_WORK REQUEST_
The answer must consist of every line in the data below that holds the word "imgE".
★ ★ ★
Lemma energy_cvg gamma a x :
  (forall n, 0 < gamma n) -> cond_C1 gamma -> cond_C2 gamma -> cond_C6 gamma -> cond_C7 gamma ->
  is_recurrence_sol gamma a x -> exists l : R, 0 < l /\ is_lim_seq (energy gamma x) l.
Proof.
  intros Hpos H1 H2 H6 H7 Hx.
  pose proof (ex_series_increment_rate gamma a H6 H7) as Heta.
  pose proof (is_lim_seq_comparison_rate gamma a H1 H2) as Hrho.
  assert (Hev : eventually (fun n => 2 < gamma n /\ Rabs (Defs.Delta gamma n) < 1 /\
                  Rabs (increment_rate gamma a n) < 1 / 8 /\
                  Rabs (comparison_rate gamma a n) < 1 / 2)).
  { repeat apply filter_and.
    - apply is_lim_seq_spec in H1; apply H1.
    - apply eventually_lt_of_is_lim_seq_0; [exact H2|lra].
    - apply eventually_lt_of_is_lim_seq_0; [apply ex_series_lim_0, Heta|lra].
    - apply eventually_lt_of_is_lim_seq_0; [exact Hrho|lra]. }
  destruct Hev as [N HN].
  assert (Hrates : forall n, 0 <= increment_rate gamma a n /\ 0 <= comparison_rate gamma a n).
  { intros n; pose proof (Hpos n); pose proof (Rabs_pos (Defs.Delta gamma n));
      pose proof (Rabs_pos (Delta2 gamma n)); pose proof (Rabs_pos a).
    unfold increment_rate, comparison_rate, Rdiv; split.
    - apply Rplus_le_le_0_compat; apply Rmult_le_pos; try nra;
        left; apply Rinv_0_lt_compat; nra.
    - apply Rmult_le_pos; [lra|left; apply Rinv_0_lt_compat; lra]. }
  destruct (is_lim_seq_of_comparable_summable
              (fun n => modified_energy gamma a x (n + N)) (fun n => energy gamma x (n + N))
              (fun n => increment_rate gamma a (n + N))
              (fun n => comparison_rate gamma a (n + N))) as [l [Hl Hlim]].
  - intros n; apply (energy_pos gamma Hpos a), Hx.
  - intros n; apply modified_energy_close, Hpos.
  - intros n; destruct (HN (n + N)%nat ltac:(lia)) as [_ [_ [_ Hr]]].
    pose proof (proj2 (Hrates (n + N)%nat)); apply Rabs_lt_between in Hr; lra.
  - exact (proj1 (is_lim_seq_incr_n _ N _) Hrho).
  - intros n; destruct (HN (n + N)%nat ltac:(lia)) as [Hg [HD _]].
    apply (modified_energy_increment_bound gamma Hpos); [exact Hx|lra|lra].
  - intros n; destruct (HN (n + N)%nat ltac:(lia)) as [_ [_ [He _]]].
    pose proof (proj1 (Hrates (n + N)%nat)); apply Rabs_lt_between in He; lra.
  - apply (ex_series_ext (fun k => increment_rate gamma a (N + k)));
      [intros k; rewrite Nat.add_comm; reflexivity|].
    apply ex_series_incr_n, Heta.
  - exists l; split; [exact Hl|]; exact (proj2 (is_lim_seq_incr_n _ N _) Hlim).
Qed.
(* Fix an integer $k\ge1$ and let $o^{(k)}_{n,i}$ be the probability that a random Bernoulli text of length $n$ contains exactly $i$ clumps of $w$ that consist of exactly $k$ occurrences of $w$ ($k$-clumps). Define $$\mathfrak{K}^{(k)}(z,v)=\pi_w z^{\ell}\left(\frac{1}{1-K(z)}+(v-1)K(z)^{k-1}\right).$$ Then $$\sum_{n,i\ge0}o^{(k)}_{n,i}\,v^i z^n=N(z)+\frac{R(z)}{\pi_w z^{\ell}}\,\mathfrak{K}^{(k)}(z,v)\,\frac{1}{1-\dfrac{M(z)-K(z)}{\pi_w z^{\ell}}\,\mathfrak{K}^{(k)}(z,v)}\,U(z).$$
   Context: Let $\mathcal{A}$ be a finite alphabet with $|\mathcal{A}|\ge2$ and $w\in\mathcal{A}^*$ a fixed word of length $\ell=|w|\ge 2$. Bernoulli model: each letter $a$ has probability $p_a>0$, $\sum_a p_a=1$, $\mathbf{P}(a_1\cdots a_n)=\prod_i p_{a_i}$; for a language $L$, $L(z)=\sum_{x\in L}\mathbf{P}(x)z^{|x|}$; $\pi_w=\mathbf{P}(w)$. Occurrences of $w$ are position intervals where $w$ appears; two occurrences overlap if their intervals share a position; clumps are equivalence classes of occurrences under the transitive closure of overlapping; a $k$-clump is a clump containing exactly $k$ occurrences. Autocorrelation set $\mathcal{C}=\{\epsilon\}\cup\{e\in\mathcal{A}^+: |e|<\ell,\ \exists e'\in\mathcal{A}^+,\ we=e'w\}$, $\mathcal{C}_\circ=\mathcal{C}\setminus\{\epsilon\}$, $\mathcal{K}=\mathcal{C}_\circ\setminus\mathcal{C}_\circ\mathcal{A}^+$ with generating function $K(z)$. Languages: $\mathcal{R}=\{r\in\mathcal{A}^*w: \text{no } r=xwy,\ |y|>0\}$; $\mathcal{M}=\{m\in\mathcal{A}^+: wm\in\mathcal{A}^*w,\ \text{no } wm=xwy,\ |x|>0,|y|>0\}$; $\mathcal{U}=\{u\in\mathcal{A}^*: \text{no } wu=xwy,\ |x|>0\}$; $\mathcal{N}=\{n: w\text{ not a factor of }n\}$, with generating functions $R,M,U,N$; explicitly, with $C(z)$ the generating function of $\mathcal{C}$ and $D(z)=\pi_w z^{\ell}+(1-z)C(z)$: $R=\pi_w z^\ell/D$, $M=1+(z-1)/D$, $U=1/D$, $N=C/D$. *)

From HB Require Import structures.
From mathcomp Require Import all_boot all_order all_algebra.
Set Implicit Arguments. Unset Strict Implicit. Unset Printing Implicit Defensive.
Import Order.TTheory GRing.Theory Num.Theory.
Local Open Scope ring_scope.

(* A series is its coefficient sequence: f n = [z^n] f.                      *)
Definition fps (S : Type) := nat -> S.

Section FPS.
Variable S : unitRingType.

Definition fps_C (c : S) : fps S := fun n => if n == 0%N then c else 0.
Definition fps_one : fps S := fps_C 1.
Definition fps_Xn (l : nat) : fps S := fun n => if n == l then 1 else 0.
Definition fps_add (f g : fps S) : fps S := fun n => f n + g n.
Definition fps_sub (f g : fps S) : fps S := fun n => f n - g n.
Definition fps_mul (f g : fps S) : fps S :=
  fun n => \sum_(j < n.+1) f j * g (n - j)%N.
Definition fps_scale (c : S) (f : fps S) : fps S := fun n => c * f n.
Definition fps_exp (f : fps S) (m : nat) : fps S := iter m (fps_mul f) fps_one.
(* Division by z^l (exact when the first l coefficients of f vanish). *)
Definition fps_divXn (l : nat) (f : fps S) : fps S := fun n => f (n + l)%N.
(* Multiplicative inverse (for f 0 a unit):
   g 0 = (f 0)^-1,  g n = - (f 0)^-1 * \sum_(j < n) f (n - j) * g j. *)
Fixpoint fps_inv_seq (f : fps S) (n : nat) : seq S :=
  match n with
  | 0 => [:: (f 0%N)^-1]
  | n'.+1 => let s := fps_inv_seq f n' in
      rcons s (- (f 0%N)^-1 * \sum_(j < n'.+1) f (n'.+1 - j)%N * nth 0 s j)
  end.
Definition fps_inv (f : fps S) : fps S := fun n => nth 0 (fps_inv_seq f n) n.
End FPS.
Lemma z_eq0_of_M_coords j : M (a j) -> M (b j) -> z j = 0.
Proof.
move=> Maj Mbj.
have coef : (a j * r j + b j * s j - 1) *: z j = 0.
  have sum0 : \sum_i (a j * r i + b j * s i - (i == j)%:R) *: z i = 0.
    under eq_bigr do rewrite scalerBl.
    by rewrite sumrB sum_scale_linear2 -e1_z -e2_z sum_delta_scale -z_e subrr.
  by have := indep_z sum0 j; rewrite eqxx.
apply: notM_scale_eq0 coef; rewrite addrC; apply: notM_add.
  by move/M_opp; rewrite opprK; exact: notM_1.
by apply: M_add; apply: M_mulr.
Qed.

Section Annihilator.
Variable d : 'I_n -> R.
Hypothesis d_ann : forall i, t i * a i = d i * x /\ t i * b i = d i * y.

(* The e1-coordinates of e1 = A e1 + C e2 and e2 = B e1 + E e2 give
   A = 1 + c1 x and B = c2 x, whence (\sum_i d i) x = u x with u = 1 mod M. *)
Lemma x_eq0_or_notM_coef : x = 0 \/ exists j, ~ M (d j).
Proof.
pose A := \sum_i r i * a i; pose B := \sum_i s i * a i.
have [c1 [c1x _]] : exists c1, A - 1 = c1 * x /\ \sum_i r i * b i = c1 * y.
  apply: rel_e; rewrite scalerBl scale1r addrAC.
  rewrite -sum_scale_coords2 -(eq_bigr _ (fun i _ => congr1 _ (z_e i))).
  by rewrite -e1_z subrr.
have [c2 [c2x _]] : exists c2, B = c2 * x /\ \sum_i s i * b i - 1 = c2 * y.
  apply: rel_e; rewrite scalerBl scale1r addrA.
  rewrite -sum_scale_coords2 -(eq_bigr _ (fun i _ => congr1 _ (z_e i))).
  by rewrite -e2_z subrr.
pose u := 1 + x * c1 + y * c2.
have key : (\sum_i d i - u) * x = 0.
  have sum_ta : \sum_i t i * a i = x * A + y * B.
    rewrite /A /B !mulr_sumr -big_split; apply: eq_bigr => i _.
    by rewrite /t mulrDl !mulrA.
  have sum_dx : \sum_i t i * a i = (\sum_i d i) * x.
    by rewrite mulr_suml; apply: eq_bigr => i _; case: (d_ann i).
  have A_eq : A = c1 * x + 1 by rewrite -c1x subrK.
  rewrite mulrBl -sum_dx sum_ta A_eq c2x /u mulrDr mulr1 !mulrDl mul1r !mulrA.
  by rewrite [x * c1 * x + x]addrC subrr.
have [Mdu | nMdu] := pselect (M (\sum_i d i - u)); last first.
  by left; exact: notM_mul_eq0 nMdu key.
right; apply: notM_sum.
have nMu : ~ M u.
  by rewrite /u -addrA; apply: notM_add notM_1 _; apply: M_add; apply: M_mulr.
by have := notM_add nMu Mdu; rewrite addrC subrK.
Qed.
(* Let $G$ be a $k$-uniform $s$-cycle with $k\ge 3$ and $\frac{k}{2}<s<k-1$, and write $k=q(k-s)+r$ with integers $q$ and $1\le r<k-s$. Then $\lambda(\mathcal{Q})=q+1+(q+1)\alpha_*^{k-(q+1)r}$, where $\alpha_*$ is the unique root in $(0,1)$ of $(q+1)\alpha^k+\alpha^{(q+1)r}-q=0$. When $k$ is even, also $\lambda(\mathcal{L})=q+1+(q+1)\alpha_*^{k-(q+1)r}$.
   Context: A $k$-uniform $s$-cycle with $m$ edges has vertex set $\mathbb{Z}_n$, $n=m(k-s)$ (vertex $n+i$ identified with $i$), and edges $e_j=\{j(k-s)+1,\ldots,j(k-s)+k\}$, $j=0,\ldots,m-1$; it is assumed that $n\ge 2k-s$. The degree $d_i$ of a vertex is the number of edges containing it. For a real tensor $\mathcal{T}$ of order $k$ and dimension $n$, $\lambda\in\mathbb{R}$ is an H-eigenvalue if there is nonzero $\mathbf{x}\in\mathbb{R}^n$ with $(\mathcal{T}\mathbf{x}^{k-1})_i=\lambda x_i^{k-1}$ for all $i$, where $(\mathcal{T}\mathbf{x}^{k-1})_i=\sum_{i_2,\ldots,i_k}t_{ii_2\ldots i_k}x_{i_2}\cdots x_{i_k}$; $\lambda(\mathcal{T})$ is the largest H-eigenvalue. The adjacency tensor $\mathcal{A}$ has entries $1/(k-1)!$ at $(i_1,\ldots,i_k)$ with $\{i_1,\ldots,i_k\}$ an edge and $0$ otherwise; $\mathcal{D}$ is diagonal with entries $d_i$; $\mathcal{L}=\mathcal{D}-\mathcal{A}$, $\mathcal{Q}=\mathcal{D}+\mathcal{A}$. *)

From HB Require Import structures.
From mathcomp Require Import all_boot all_order all_algebra.
From mathcomp Require Import reals.
Set Implicit Arguments. Unset Strict Implicit. Unset Printing Implicit Defensive.
Import Order.TTheory GRing.Theory Num.Theory.
Local Open Scope ring_scope.

(* A real tensor of order k and dimension n: entry t_{i i_2 ... i_k} is
   [T i g] where g : 'I_(k-1) -> 'I_n lists the indices i_2,...,i_k. *)
Definition tensor (R : Type) (k n : nat) := 'I_n -> {ffun 'I_k.-1 -> 'I_n} -> R.

Definition tapp (R : realType) (k n : nat) (T : tensor R k n) (x : 'I_n -> R)
  (i : 'I_n) : R :=
  \sum_(g : {ffun 'I_k.-1 -> 'I_n}) T i g * \prod_(t : 'I_k.-1) x (g t).

Definition is_Heig (R : realType) (k n : nat) (T : tensor R k n) (l : R) : Prop :=
  exists x : 'I_n -> R, (exists i, x i != 0) /\
    forall i, tapp T x i = l * x i ^+ k.-1.

Definition is_largest_Heig (R : realType) (k n : nat) (T : tensor R k n) (l : R)
  : Prop :=
  is_Heig T l /\ forall mu, is_Heig T mu -> mu <= l.

(* k-uniform s-cycle with m edges on Z_n, n = m(k-s); vertex label v is
   identified with v mod n;  e_j = {j(k-s)+1, ..., j(k-s)+k}. *)
Definition scyc_n (k s m : nat) : nat := (m * (k - s))%N.

Definition scyc_edge (k s m : nat) (j : nat) : {set 'I_(scyc_n k s m)} :=
  [set v : 'I_(scyc_n k s m) |
     [exists t : 'I_k, ((j * (k - s) + t.+1) %% scyc_n k s m)%N == v]].

Definition scyc_deg {k s m : nat} (v : 'I_(scyc_n k s m)) : nat :=
  #|[set j : 'I_m | v \in scyc_edge k s m j]|.

Definition scyc_adj (R : realType) (k s m : nat) : tensor R k (scyc_n k s m) :=
  fun i g =>
    if [exists j : 'I_m, (i |: [set g t | t : 'I_k.-1]) == scyc_edge k s m j]
    then ((k.-1)`!%:R)^-1 else 0.

Definition scyc_degt (R : realType) (k s m : nat) : tensor R k (scyc_n k s m) :=
  fun i g => if [forall t, g t == i] then (scyc_deg i)%:R else 0.

Definition scyc_Q (R : realType) (k s m : nat) : tensor R k (scyc_n k s m) :=
  fun i g => @scyc_degt R k s m i g + @scyc_adj R k s m i g.

Definition scyc_L (R : realType) (k s m : nat) : tensor R k (scyc_n k s m) :=
  fun i g => @scyc_degt R k s m i g - @scyc_adj R k s m i g.

From HB Require Import structures.
From mathcomp Require Import all_boot all_order all_algebra.
From mathcomp Require Import reals zify ring.
Import Order.TTheory GRing.Theory Num.Theory.

(* Let d = k - s and cut the vertex cycle into m blocks of d consecutive vertices.
   Give weight 1 to the first r positions of every block and weight a elsewhere,
   a being the root in (0,1).  An edge consists of q full blocks followed by the
   first r positions of the next one, so a vertex at a position below r lies in
   q + 1 edges, any other vertex in q, and the weights of every edge multiply to
   a^(k-(q+1)r).  The root equation is exactly what makes this positive vector an
   eigenvector of Q for q + 1 + (q + 1) a^(k-(q+1)r).  For even k, negating the
   weights at one position, met an odd number of times by every edge, gives an
   eigenvector of L for the same value.  As |Q| and |L| are entrywise bounded by
   Q, the Collatz-Wielandt argument for the positive eigenvector of Q shows that
   no H-eigenvalue of Q or L is larger. *)

Section TensorBound.
Local Open Scope ring_scope.
Variables (R : realType) (k n : nat).
Implicit Types (T Q : tensor R k n) (x y : 'I_n -> R).

Lemma tappD T Q x i :
  tapp (fun i g => T i g + Q i g) x i = tapp T x i + tapp Q x i.
Proof. by rewrite /tapp -big_split; apply: eq_bigr => g _; rewrite mulrDl. Qed.

Lemma tappB T Q x i :
  tapp (fun i g => T i g - Q i g) x i = tapp T x i - tapp Q x i.
Proof. by rewrite /tapp -sumrB; apply: eq_bigr => g _; rewrite mulrBl. Qed.

Lemma norm_tapp_le T Q x i : (forall g, `|T i g| <= Q i g) ->
  `|tapp T x i| <= tapp Q (fun v => `|x v|) i.
Proof.
move=> hTQ; rewrite /tapp; apply: le_trans (ler_norm_sum _ _ _) _.
apply: ler_sum => g _; rewrite normrM normr_prod.
by apply: ler_wpM2r => //; apply: prodr_ge0.
Qed.

Lemma tapp_le_scale Q x y i (c : R) : (forall g, 0 <= Q i g) ->
  (forall v, 0 <= x v <= c * y v) -> tapp Q x i <= c ^+ k.-1 * tapp Q y i.
Proof.
move=> hQ hxy; rewrite /tapp mulr_sumr; apply: ler_sum => g _.
rewrite mulrCA; apply: ler_wpM2l => //.
have -> : c ^+ k.-1 * \prod_(t < k.-1) y (g t) = \prod_(t < k.-1) (c * y (g t)).
  by rewrite big_split /= prodr_const card_ord.
by apply: ler_prod => t _; apply: hxy.
Qed.

(* Collatz-Wielandt: evaluate the eigenvalue equation of [T] at a vertex
   maximising [|x_v| / y_v]. *)
Lemma Heig_le_pos_eigenvector T Q rho y :
  (forall i g, `|T i g| <= Q i g) -> (forall v, 0 < y v) ->
  (forall i, tapp Q y i = rho * y i ^+ k.-1) ->
  forall mu, is_Heig T mu -> mu <= rho.
Proof.
move=> hTQ hy hQy mu [x [[i0 hi0] hx]].
pose F v := `|x v| / y v.
have [j _ Fmax] := @arg_maxP _ R _ i0 predT F isT.
have Fj_gt0 : 0 < F j.
  by apply: lt_le_trans (Fmax i0 isT); rewrite divr_gt0 ?normr_gt0.
have xjE : `|x j| = F j * y j by rewrite /F divfK // gt_eqF.
have xj_gt0 : 0 < `|x j| by rewrite xjE; exact: mulr_gt0.
have Qj_ge0 g : 0 <= Q j g by exact: le_trans (normr_ge0 _) (hTQ j g).
have x_le v : 0 <= `|x v| <= F j * y v.
  by rewrite normr_ge0 -ler_pdivrMr //; apply: Fmax.
have : `|mu| * `|x j| ^+ k.-1 <= rho * `|x j| ^+ k.-1.
  rewrite -normrX -normrM -hx; apply: le_trans (norm_tapp_le T Q x j (hTQ j)) _.
  apply: le_trans (tapp_le_scale Q (fun v => `|x v|) y j (F j) Qj_ge0 x_le) _.
  by rewrite hQy normrX; move: (F j) xjE => c ->; rewrite exprMn mulrCA.
rewrite ler_pM2r ?exprn_gt0 //.
exact: le_trans (ler_norm _).
Qed.

End TensorBound.

Section IndexImage.
Variables (k n : nat).
Local Notation img g := [set (g : {ffun 'I_k.-1 -> 'I_n}) t | t : 'I_k.-1].

Lemma card_img_le g : #|img g| <= k.-1.
Proof. by rewrite (leq_trans (leq_imset_card _ _)) ?card_ord. Qed.

Lemma setU1_img_eq (i : 'I_n) (E : {set 'I_n}) g : 0 < k -> i \in E -> #|E| = k ->
  (i |: img g == E) = (img g == E :\ i).
Proof.
move=> k_gt0 iE cardE; apply/eqP/eqP => [imgE|->]; last by rewrite setD1K.
suff i_img : i \notin img g by rewrite -imgE setU1K.
have := cardsU1 i (img g); rewrite imgE cardE.
by have := card_img_le g; case: (i \in img g) => /=; lia.
Qed.

Lemma img_eqE g (S : {set 'I_n}) : #|S| = k.-1 ->
  (img g == S) = (g \in ffun_on (mem S)) && injectiveb g.
Proof.
move=> cardS; apply/eqP/andP => [imgE|[/ffun_onP g_on /injectiveP g_inj]].
  split; first by apply/ffun_onP => t; rewrite -imgE imset_f.
  have : #|img g| == #|'I_k.-1| by rewrite imgE cardS card_ord.
  by move/imset_injP => g_inj; apply/injectiveP => t1 t2; apply: g_inj.
apply/eqP; rewrite eqEcard cardS card_imset ?card_ord ?leqnn ?andbT //.
by apply/subsetP => v /imsetP [t _ ->]; apply: g_on.
Qed.

Lemma card_img_eq (S : {set 'I_n}) : #|S| = k.-1 ->
  #|[set g : {ffun 'I_k.-1 -> 'I_n} | img g == S]| = (k.-1)`!.
Proof.
move=> cardS; rewrite -ffactnn.
have := card_inj_ffuns_on 'I_k.-1 (mem S).
rewrite card_ord (_ : #|mem S| = k.-1) // => <-.
by apply: eq_card => g; rewrite !inE img_eqE.
Qed.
★ ★ ★
_ANSWER TO THE PROBLEM_
move=> k_gt0 iE cardE; apply/eqP/eqP => [imgE|->]; last by rewrite setD1K.
suff i_img : i \notin img g by rewrite -imgE setU1K.
have := cardsU1 i (img g); rewrite imgE cardE.
move=> cardS; apply/eqP/andP => [imgE|[/ffun_onP g_on /injectiveP g_inj]].
  split; first by apply/ffun_onP => t; rewrite -imgE imset_f.
  have : #|img g| == #|'I_k.-1| by rewrite imgE cardS card_ord.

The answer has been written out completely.